When my boss first phoned me to let me know my salary would be cut due to financial struggles throughout the company, I realized the importance of not keeping all your eggs in one basket when it comes to income. It may seem naive, but I never really thought about how easy it is for your income to change or be taken away at a moment’s notice and how useful it can be to have something else to fall back on. I always thought that working as a freelance writer would be fun, but I never seriously pursued it. Since quarantine, I decided to give it a try and I have since managed to secure multiple writing gigs for different platforms, publications, and small businesses. Not only has writing helped me feel more financially secure, build my emergency fund, and pay down by dept it has proven to be a much-needed stress reliever and creative outlet for me during these times and greatly improved my mental health.
3. I cut unnecessary spending from my life.
I never realized how much I spent unnecessarily until I quarantined.
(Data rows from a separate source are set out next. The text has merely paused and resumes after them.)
(* Fix a dataset $\mathbb D_N$ and a point $x\in\mathcal X$. Let $\lambda_\dagger(x|\mathbb D_N)$ be the minimum eigenvalue of the feasibility tradeoff matrix $\mathcal F(x|\mathbb D_N)=\beta^2\Sigma_{L_gB}(x|\mathbb D_N)-\widehat{L_gB}(x|\mathbb D_N)^T\widehat{L_gB}(x|\mathbb D_N)$, and let $e_\dagger(x|\mathbb D_N)$ be an associated unit eigenvector. Suppose $\lambda_\dagger(x|\mathbb D_N)<0$. Then: - the GP-CBF-SOCP is feasible at $x$; and - there exists $\alpha_{\min}>0$ such that for every $\alpha>\alpha_{\min}$, the input $$u_{\text{safe}}(x)=\alpha\,\mathrm{sgn}\big(\widehat{L_gB}(x|\mathbb D_N)e_\dagger(x|\mathbb D_N)\big)\,e_\dagger(x|\mathbb D_N)$$ is a feasible solution of the GP-CBF-SOCP at $x$.
   Context: Consider $\dot x=f(x)+g(x)u$ with $x\in\mathcal X\subset\mathbb R^n$ and $u\in\mathbb R^m$, where $f,g$ are locally Lipschitz and unknown. A nominal model $\tilde f,\tilde g$ is available. Let $B:\mathcal X\to\mathbb R$ be $C^1$, let $\gamma$ be extended class-$\mathcal K_\infty$, and let $u_{\text{ref}}$ be a reference controller. Lie derivatives: $L_{\tilde f}B=\nabla B\,\tilde f$ and $L_{\tilde g}B=\nabla B\,\tilde g\in\mathbb R^{1\times m}$; $L_fB$ and $L_gB$ are defined similarly. Set $\Delta_B(x,u)=(L_fB-L_{\tilde f}B)(x)+(L_gB-L_{\tilde g}B)(x)u$. A dataset $\mathbb D_N=\{((x_j,u_j),z_j)\}$ consists of $z_j=\Delta_B(x_j,u_j)+\epsilon_j$. GP model with the affine dot product kernel $k_c((x,y),(x',y'))=y^T\mathrm{diag}(k_1(x,x'),\dots,k_{m+1}(x,x'))y'$: - Let $y_j=[1,u_j^T]^T$, $\mathbf z=(z_j)$, let $\sigma_n>0$, and let $K_c$ be the Gram matrix of $k_c$ on the data. - Let $K_{**}(x)=\mathrm{diag}(k_i(x,x))$, and let $K_{*Y}(x)\in\mathbb R^{(m+1)\times N}$ have entries $k_i(x,x_j)(y_j)_i$. - Define $m_B(x|\mathbb D_N)=K_{*Y}(K_c+\sigma_n^2I)^{-1}\mathbf z$ and $\Sigma_B(x|\mathbb D_N)=K_{**}-K_{*Y}(K_c+\sigma_n^2I)^{-1}K_{*Y}^T$, which is positive definite. - The posterior mean and standard deviation are $\mu_B(x,u|\mathbb D_N)=m_B^T[1;u]$ and $\sigma_B(x,u|\mathbb D_N)=\sqrt{[1,u^T]\Sigma_B[1;u]}$. $\beta>0$ is a constant. Derived quantities: - $\widehat{L_fB}(x|\mathbb D_N)=L_{\tilde f}B(x)+(m_B)_1$ and $\widehat{L_gB}(x|\mathbb D_N)=L_{\tilde g}B(x)+((m_B)_2,\dots,(m_B)_{m+1})$. - $\Sigma_{L_gB}(x|\mathbb D_N)$ is the lower-right $m\times m$ block (rows and columns $2,\dots,m+1$) of $\Sigma_B(x|\mathbb D_N)$. The GP-CBF-SOCP at $x$ is: minimize $\|u-u_{\text{ref}}(x)\|_2^2$ over $u\in\mathbb R^m$ subject to $L_{\tilde f}B(x)+L_{\tilde g}B(x)u+\mu_B(x,u|\mathbb D_N)-\beta\sigma_B(x,u|\mathbb D_N)+\gamma(B(x))\ge0$. It is feasible at $x$ if some $u$ satisfies the constraint. *)

From HB Require Import structures.
From mathcomp Require Import all_boot all_order all_algebra.
From mathcomp Require Import all_classical all_reals all_analysis.
Set Implicit Arguments. Unset Strict Implicit. Unset Printing Implicit Defensive.
Import Order.TTheory GRing.Theory Num.Theory.
Import numFieldNormedType.Exports.
Local Open Scope ring_scope.

Section GPCBF.
Variables (R : realType) (n m N : nat).

(** Lie derivatives along a vector field, via the directional derivative
    'D_v B x = nabla B(x) . v *)
Definition LieF (B : 'cV[R]_n -> R) (f : 'cV[R]_n -> 'cV[R]_n) (x : 'cV[R]_n) : R :=
  'D_(f x) B x.
Definition LieG (B : 'cV[R]_n -> R) (g : 'cV[R]_n -> 'M[R]_(n, m)) (x : 'cV[R]_n)
  : 'rV[R]_m := \row_j 'D_(col j (g x)) B x.

Definition ext_classKinf (gam : R -> R) : Prop :=
  continuous gam /\ gam 0 = 0 /\ {homo gam : a b / a < b} /\
  (forall M : R, exists r : R, M < gam r) /\ (forall M : R, exists r : R, gam r < M).

Definition aug (u : 'cV[R]_m) : 'cV[R]_(1 + m) := col_mx (const_mx 1) u.

(** GP with the affine dot product kernel; kernels k i, i = 1..m+1 (indexed by 'I_(1+m)),
    data points xs j, inputs us j, measurements z (j : 'I_N), noise level sn. *)
Variables (k : 'I_(1 + m) -> 'cV[R]_n -> 'cV[R]_n -> R)
          (xs : 'I_N -> 'cV[R]_n) (us : 'I_N -> 'cV[R]_m) (z : 'cV[R]_N) (sn : R).

Definition Kc : 'M[R]_N :=
  \matrix_(j, l) \sum_(i < 1 + m) (aug (us j)) i 0 * k i (xs j) (xs l) * (aug (us l)) i 0.

Definition Kss (x : 'cV[R]_n) : 'M[R]_(1 + m) := diag_mx (\row_i k i x x).

Definition KsY (x : 'cV[R]_n) : 'M[R]_(1 + m, N) :=
  \matrix_(i, j) (k i x (xs j) * (aug (us j)) i 0).

Definition mB (x : 'cV[R]_n) : 'cV[R]_(1 + m) :=
  KsY x *m invmx (Kc + sn ^+ 2 *: 1%:M) *m z.

Definition SigmaB (x : 'cV[R]_n) : 'M[R]_(1 + m) :=
  Kss x - KsY x *m invmx (Kc + sn ^+ 2 *: 1%:M) *m (KsY x)^T.

Definition muB (x : 'cV[R]_n) (u : 'cV[R]_m) : R := ((mB x)^T *m aug u) 0 0.

Definition sigmaB (x : 'cV[R]_n) (u : 'cV[R]_m) : R :=
  Num.sqrt (((aug u)^T *m SigmaB x *m aug u) 0 0).

Definition LgB_hat (LgtB : 'rV[R]_m) (x : 'cV[R]_n) : 'rV[R]_m :=
  LgtB + (dsubmx (mB x))^T.

Definition Sigma_LgB (x : 'cV[R]_n) : 'M[R]_m := drsubmx (SigmaB x).

Definition Ftrade (beta : R) (LgtB : 'rV[R]_m) (x : 'cV[R]_n) : 'M[R]_m :=
  beta ^+ 2 *: Sigma_LgB x - (LgB_hat LgtB x)^T *m LgB_hat LgtB x.

(** the GP-CBF-SOCP constraint at x, given the nominal Lie derivatives
    LftB = L_{f~}B(x), LgtB = L_{g~}B(x) and Bx = B(x) *)
Definition socp_constraint (beta : R) (gam : R -> R) (LftB : R) (LgtB : 'rV[R]_m)
  (Bx : R) (x : 'cV[R]_n) (u : 'cV[R]_m) : Prop :=
  0 <= LftB + (LgtB *m u) 0 0 + muB x u - beta * sigmaB x u + gam Bx.

Definition socp_feasible beta gam LftB LgtB Bx x : Prop :=
  exists u : 'cV[R]_m, socp_constraint beta gam LftB LgtB Bx x u.

End GPCBF.

Definition is_min_eigenvalue (R : realType) (p : nat) (A : 'M[R]_p) (lam : R) : Prop :=
  eigenvalue A lam /\ (forall mu : R, eigenvalue A mu -> lam <= mu).

Definition is_unit_eigenvector (R : realType) (p : nat) (A : 'M[R]_p) (lam : R)
  (e : 'cV[R]_p) : Prop :=
  A *m e = lam *: e /\ \sum_(i < p) e i 0 ^+ 2 = 1.

From HB Require Import structures.
From mathcomp Require Import all_boot all_order all_algebra.
From mathcomp Require Import all_classical all_reals all_analysis.
From mathcomp Require Import ring lra.
Import Order.TTheory GRing.Theory Num.Theory.
Import numFieldNormedType.Exports.

(* Along the ray u = t e the constraint reads
   C + t p - beta * sqrt (c + b t + q t^2) >= 0, with p = \widehat{L_gB} e and
   q = e^T Sigma_{L_gB} e.  The eigen-equation of the tradeoff matrix gives
   p^2 = beta^2 q - lam > beta^2 q, so for t = alpha sgn(p) the affine part grows
   like alpha |p| while the square root grows only like alpha beta sqrt q: the gap
   -lam alpha^2 between the squares eventually dominates every lower-order term. *)

Set Implicit Arguments.
Unset Strict Implicit.
Unset Printing Implicit Defensive.
Local Open Scope ring_scope.
Local Open Scope classical_set_scope.

Section SqrtBounds.
Variable R : rcfType.
Implicit Types beta S T C c b q p d a y : R.

Lemma ler_mul_sqrt beta S T :
  0 <= beta -> 0 <= T -> beta ^+ 2 * S <= T ^+ 2 -> beta * Num.sqrt S <= T.
Proof.
move=> beta_ge0 T_ge0 le_ST.
rewrite -(ger0_norm beta_ge0) -sqrtr_sqr -sqrtrM ?sqr_ge0 //.
by rewrite -(ger0_norm T_ge0) -sqrtr_sqr; exact: ler_wsqrtr.
Qed.

Lemma affine_ge_sqrt_quadratic C c b q p d beta :
  0 < p -> 0 < beta -> 0 < d -> p ^+ 2 = beta ^+ 2 * q + d ->
  exists2 amin, 0 < amin & forall a y, amin < a -> `|y| <= a * `|b| ->
    beta * Num.sqrt (c + y + a ^+ 2 * q) <= C + a * p.
Proof.
move=> p_gt0 beta_gt0 d_gt0 p2E.
(* For a >= 1, every term of (C + a p)^2 - beta^2 (c + y + a^2 q) other than
   C^2 + a^2 d is bounded below by -a K. *)
set K := 2 * `|C| * p + beta ^+ 2 * `|c| + beta ^+ 2 * `|b|.
have beta2_gt0 : 0 < beta ^+ 2 by rewrite exprn_gt0.
have K_ge0 : 0 <= K by rewrite /K !addr_ge0 // !mulr_ge0 // ltW.
have Kd_ge0 : 0 <= K / d by exact: divr_ge0 K_ge0 (ltW d_gt0).
have Cp_ge0 : 0 <= `|C| / p by exact: divr_ge0 (normr_ge0 C) (ltW p_gt0).
exists (1 + K / d + `|C| / p); first lra.
move=> a y lt_amin_a le_y.
have a_ge1 : 1 <= a by lra.
have le_K : K <= a * d by rewrite -ler_pdivrMr //; lra.
have le_C : `|C| <= a * p by rewrite -ler_pdivrMr //; lra.
have le_NC : - C <= `|C| by rewrite -normrN ler_norm.
apply: ler_mul_sqrt; [exact: ltW | lra |].
have le_c : beta ^+ 2 * c <= a * (beta ^+ 2 * `|c|).
  have : c <= a * `|c| by have := ler_norm c; have := normr_ge0 c; nra.
  nra.
have le_by : beta ^+ 2 * y <= a * (beta ^+ 2 * `|b|).
  rewrite mulrCA; apply: ler_wpM2l; first exact: ltW.
  exact: le_trans (ler_norm y) le_y.
have le_Cp : - (2 * a * C * p) <= a * (2 * `|C| * p).
  have : 0 <= 2 * a * p by rewrite !mulr_ge0 ?ltW //; lra.
  nra.
have le_aK : a * K <= a * (a * d) by rewrite ler_wpM2l //; lra.
have expand : (C + a * p) ^+ 2 - beta ^+ 2 * (c + y + a ^+ 2 * q)
    = C ^+ 2 + a ^+ 2 * d - beta ^+ 2 * c - beta ^+ 2 * y + 2 * a * C * p.
  by rewrite sqrrD exprMn p2E; ring.
rewrite -subr_ge0 expand.
have -> : a ^+ 2 * d = a * (a * d) by ring.
have aKE : a * K = a * (2 * `|C| * p) + a * (beta ^+ 2 * `|c|) + a * (beta ^+ 2 * `|b|).
  by rewrite /K; ring.
have := sqr_ge0 C.
lra.
Qed.

End SqrtBounds.

Lemma quad_form_affine (R : comPzRingType) p (S : 'M[R]_p) (v w : 'cV[R]_p) (t : R) :
  ((v + t *: w)^T *m S *m (v + t *: w)) 0 0 =
  (v^T *m S *m v) 0 0 + t * ((v^T *m S *m w) 0 0 + (w^T *m S *m v) 0 0)
  + t ^+ 2 * (w^T *m S *m w) 0 0.
Proof.
have -> : (v + t *: w)^T = v^T + t *: w^T by rewrite linearD linearZ.
rewrite !mulmxDl !mulmxDr -!scalemxAl -!scalemxAr !scalerA.
by rewrite !mxE; ring.
Qed.

Lemma quad_form_col_mx0 (R : pzRingType) p q (S : 'M[R]_(p + q)) (e : 'cV[R]_q) :
  (col_mx 0 e)^T *m S *m col_mx 0 e = e^T *m drsubmx S *m e.
Proof.
rewrite tr_col_mx trmx0 -[S]submxK mul_row_block mul_row_col.
by rewrite !mul0mx !add0r mulmx0 add0r block_mxKdr.
Qed.

Lemma quad_form_eigenvector (R : comPzRingType) p (A : 'M[R]_p) lam (e : 'cV[R]_p) :
  A *m e = lam *: e -> (e^T *m e) 0 0 = 1 -> (e^T *m A *m e) 0 0 = lam.
Proof. by move=> Ae e1; rewrite -mulmxA Ae -scalemxAr mxE e1 mulr1. Qed.

Lemma quad_form_gram (R : comPzRingType) p (L : 'rV[R]_p) (e : 'cV[R]_p) :
  (e^T *m (L^T *m L) *m e) 0 0 = (L *m e) 0 0 ^+ 2.
Proof. by rewrite !mulmxA -mulmxA -trmx_mul mxE big_ord1 mxE expr2. Qed.

Lemma trmx_mul_self (R : comPzRingType) p (e : 'cV[R]_p) :
  (e^T *m e) 0 0 = \sum_(i < p) e i 0 ^+ 2.
Proof. by rewrite mxE; apply: eq_bigr => i _; rewrite mxE expr2. Qed.

Lemma unit_eigenvector_neq0 (R : realType) p (A : 'M[R]_p) lam e :
  is_unit_eigenvector A lam e -> e != 0.
Proof.
case=> _ e_unit; apply: contra_neq (oner_neq0 R) => e0.
by rewrite -e_unit e0 big1 // => i _; rewrite mxE expr2 mulr0.
Qed.

Lemma unit_eigenvector_quad_form (R : realType) p (A : 'M[R]_p) lam e :
  is_unit_eigenvector A lam e -> (e^T *m A *m e) 0 0 = lam.
Proof. by case=> Ae e_unit; rewrite (quad_form_eigenvector Ae) // trmx_mul_self. Qed.

Section GPRay.
Variables (R : realType) (n m N : nat).
Variables (k : 'I_(1 + m) -> 'cV[R]_n -> 'cV[R]_n -> R)
          (xs : 'I_N -> 'cV[R]_n) (us : 'I_N -> 'cV[R]_m) (z : 'cV[R]_N) (sn : R).
Variables (x : 'cV[R]_n) (e : 'cV[R]_m).

Lemma aug_scale (t : R) : aug (t *: e) = aug 0 + t *: col_mx 0 e.
Proof. by rewrite /aug scale_col_mx add_col_mx scaler0 !add0r addr0. Qed.

Lemma muB_scale (t : R) :
  muB k xs us z sn x (t *: e) =
  muB k xs us z sn x 0 + t * ((dsubmx (mB k xs us z sn x))^T *m e) 0 0.
Proof.
have mB_e : (mB k xs us z sn x)^T *m col_mx 0 e = (dsubmx (mB k xs us z sn x))^T *m e.
  by rewrite -{1}[mB _ _ _ _ _ _]vsubmxK tr_col_mx mul_row_col mulmx0 add0r.
rewrite /muB aug_scale mulmxDr -scalemxAr mB_e [LHS]mxE; congr (_ + _); exact: mxE.
Qed.

Lemma sigmaB_scale (t : R) :
  sigmaB k xs us sn x (t *: e) = Num.sqrt (
    ((aug 0)^T *m SigmaB k xs us sn x *m aug 0) 0 0
    + t * (((aug 0)^T *m SigmaB k xs us sn x *m col_mx 0 e) 0 0
           + ((col_mx 0 e)^T *m SigmaB k xs us sn x *m aug 0) 0 0)
    + t ^+ 2 * (e^T *m Sigma_LgB k xs us sn x *m e) 0 0).
Proof. by rewrite /sigmaB aug_scale quad_form_affine quad_form_col_mx0. Qed.

Lemma socp_constraint_scale beta gam LftB LgtB Bx (t : R) :
  socp_constraint k xs us z sn beta gam LftB LgtB Bx x (t *: e) <->
  0 <= LftB + muB k xs us z sn x 0 + gam Bx
       + t * (LgB_hat k xs us z sn LgtB x *m e) 0 0
       - beta * sigmaB k xs us sn x (t *: e).
Proof.
rewrite /socp_constraint muB_scale /LgB_hat mulmxDl -scalemxAr !mxE.
by split; nra.
Qed.

Lemma Ftrade_quad_form beta LgtB :
  (e^T *m Ftrade k xs us z sn beta LgtB x *m e) 0 0 =
  beta ^+ 2 * (e^T *m Sigma_LgB k xs us sn x *m e) 0 0
  - (LgB_hat k xs us z sn LgtB x *m e) 0 0 ^+ 2.
Proof.
rewrite /Ftrade mulmxBr mulmxBl -scalemxAr -scalemxAl -quad_form_gram [LHS]mxE.
by congr (_ + _); exact: mxE.
Qed.

End GPRay.

Theorem lemma4 (R : realType) (n m N : nat)
  (X : set 'cV[R]_n)
  (ft : 'cV[R]_n -> 'cV[R]_n) (gt : 'cV[R]_n -> 'M[R]_(n, m))
  (B : 'cV[R]_n -> R)
  (HB1 : forall y, differentiable B y)
  (HB2 : forall v : 'cV[R]_n, continuous (fun y => 'D_v B y))
  (gam : R -> R) (Hgam : ext_classKinf gam)
  (beta : R) (Hbeta : 0 < beta)
  (k : 'I_(1 + m) -> 'cV[R]_n -> 'cV[R]_n -> R)
  (xs : 'I_N -> 'cV[R]_n) (us : 'I_N -> 'cV[R]_m) (z : 'cV[R]_N) (sn : R)
  (Hsn : 0 < sn) (Hxs : forall j, X (xs j))
  (x : 'cV[R]_n) (Hx : X x)
  (HSigma : forall v : 'cV[R]_(1 + m), v != 0 ->
      0 < (v^T *m SigmaB k xs us sn x *m v) 0 0)
  (lam : R) (e : 'cV[R]_m)
  (Hlam : is_min_eigenvalue (Ftrade k xs us z sn beta (LieG B gt x) x) lam)
  (He : is_unit_eigenvector (Ftrade k xs us z sn beta (LieG B gt x) x) lam e)
  (Hneg : lam < 0) :
  socp_feasible k xs us z sn beta gam (LieF B ft x) (LieG B gt x) (B x) x /\
  exists alpha_min : R, 0 < alpha_min /\
    forall alpha : R, alpha_min < alpha ->
      socp_constraint k xs us z sn beta gam (LieF B ft x) (LieG B gt x) (B x) x
        ((alpha * Num.sg ((LgB_hat k xs us z sn (LieG B gt x) x *m e) 0 0)) *: e).
Proof.
set p0 : R := (LgB_hat k xs us z sn (LieG B gt x) x *m e) 0 0.
set q : R := (e^T *m Sigma_LgB k xs us sn x *m e) 0 0.
have q_gt0 : 0 < q.
  rewrite /q -quad_form_col_mx0; apply: HSigma.
  by rewrite col_mx_eq0 eqxx (unit_eigenvector_neq0 He).
have p0_sqr : p0 ^+ 2 = beta ^+ 2 * q + - lam.
  by rewrite -(unit_eigenvector_quad_form He) Ftrade_quad_form -/p0 -/q; ring.
have p0_norm_sqr : `|p0| ^+ 2 = beta ^+ 2 * q + - lam by rewrite real_normK ?num_real.
have p0_neq0 : p0 != 0.
  apply/eqP => p0_eq0; have := mulr_gt0 (exprn_gt0 2 Hbeta) q_gt0.
  by move: p0_sqr; rewrite p0_eq0 expr0n /=; lra.
have p0_norm_gt0 : 0 < `|p0| by rewrite normr_gt0.
have neg_lam_gt0 : 0 < - lam by rewrite oppr_gt0.
have [amin amin_gt0 dominate] := affine_ge_sqrt_quadratic
  (LieF B ft x + muB k xs us z sn x 0 + gam (B x))
  (((aug 0)^T *m SigmaB k xs us sn x *m aug 0) 0 0)
  (((aug 0)^T *m SigmaB k xs us sn x *m col_mx 0 e) 0 0
   + ((col_mx 0 e)^T *m SigmaB k xs us sn x *m aug 0) 0 0)
  p0_norm_gt0 Hbeta neg_lam_gt0 p0_norm_sqr.
have safe alpha : amin < alpha -> socp_constraint k xs us z sn beta gam
    (LieF B ft x) (LieG B gt x) (B x) x ((alpha * Num.sg p0) *: e).
  move=> lt_amin_alpha; apply/socp_constraint_scale; rewrite sigmaB_scale.
  rewrite -/p0 -/q exprMn sqr_sg p0_neq0 mulr1 -[alpha * _ * p0]mulrA -normrEsg.
  rewrite subr_ge0; apply: dominate => //.
  have alpha_gt0 : 0 < alpha := lt_trans amin_gt0 lt_amin_alpha.
  by rewrite !normrM normr_sg p0_neq0 mulr1 gtr0_norm.
split; last by exists amin.
by exists ((amin + 1) * Num.sg p0 *: e); apply: safe; lra.
Qed.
Expensive lattes, impulse trips to the mall, ordering food when I had groceries in the fridge, and unused memberships were all a part of my daily and weekly spending habits. With everything closed, I realized there were multiple simple adjustments I could make in my life that would help me save hundreds every month. I started brewing my coffee at home, taking lists to the grocery store and making all my meals at home, and going for socially distant walks or park visits with my friends instead of going to restaurants. Although I was technically forced to make these spending changes because of the virus and social distancing measure, I am genuinely enjoying many of them and wondering why I hadn’t made these changes before. Once restrictions are lifted things start returning to (almost) normal I will definitely continue with most, if not all of them. Collective these changes have allowed me to save anywhere from $600 – $800 per month.
4. I reduced my credit card limit.
A bad financial habit I’ve always struggled with is viewing credit cards as an extension of my income. In fact, like 40% of Millenials, my biggest source of personal debt is credit cards as opposed to student loans. In the past, I used credit cards for any large purchases I couldn’t necessarily afford and to fund an overall lifestyle beyond my means. Because I was able to cut down on unnecessary spending during quarantine, I have been able to pay down half of my total debt. To deter myself from using credit cards, I reduce my credit card limit periodically as I make debt repayments so that I’m not able to spend more. Although I may be missing out on an opportunity to improve my credit score by not keeping a wide gap between my total credit available and amount owed (a credit scoring factor called credit utilization), this strategy of reducing my limit has ultimately helped me get — and stay — out of debt.
5. I’m building my financial literacy in my spare time.
I have been using the extra time I have available due to quarantining to learn more about finances and good financial planning. I intentionally set a few hours aside every week to read, listen, and watch a wide array of content about money in order to improve my overall financial literacy. A few favorites are Making it Work by the Financial Diet and So Money with Farnoush Torabi. Each week I also try to implement one new positive financial change in my life. I have tried many different habits such as tracking all of my expenses, challenging myself not to order food for an entire week, and checking my credit score for the first time. Taking my financial learning and putting it into practice is an important aspect of building financial literacy for me and was not something I ever did before the quarantine.
The biggest financial lesson that I have learned due to COVID – 19 and quarantining is that it doesn’t matter who you are or how immune you think you might be, an emergency can strike at any time and you have to be prepared. The importance of financial planning cannot be overstated and thinking you have time to get your finances in order does not delay the inevitable but instead worsen your situation when the inevitable happens. Although it took a global pandemic for me to learn this seemingly easy lesson, my financial life has been forever changed for the better.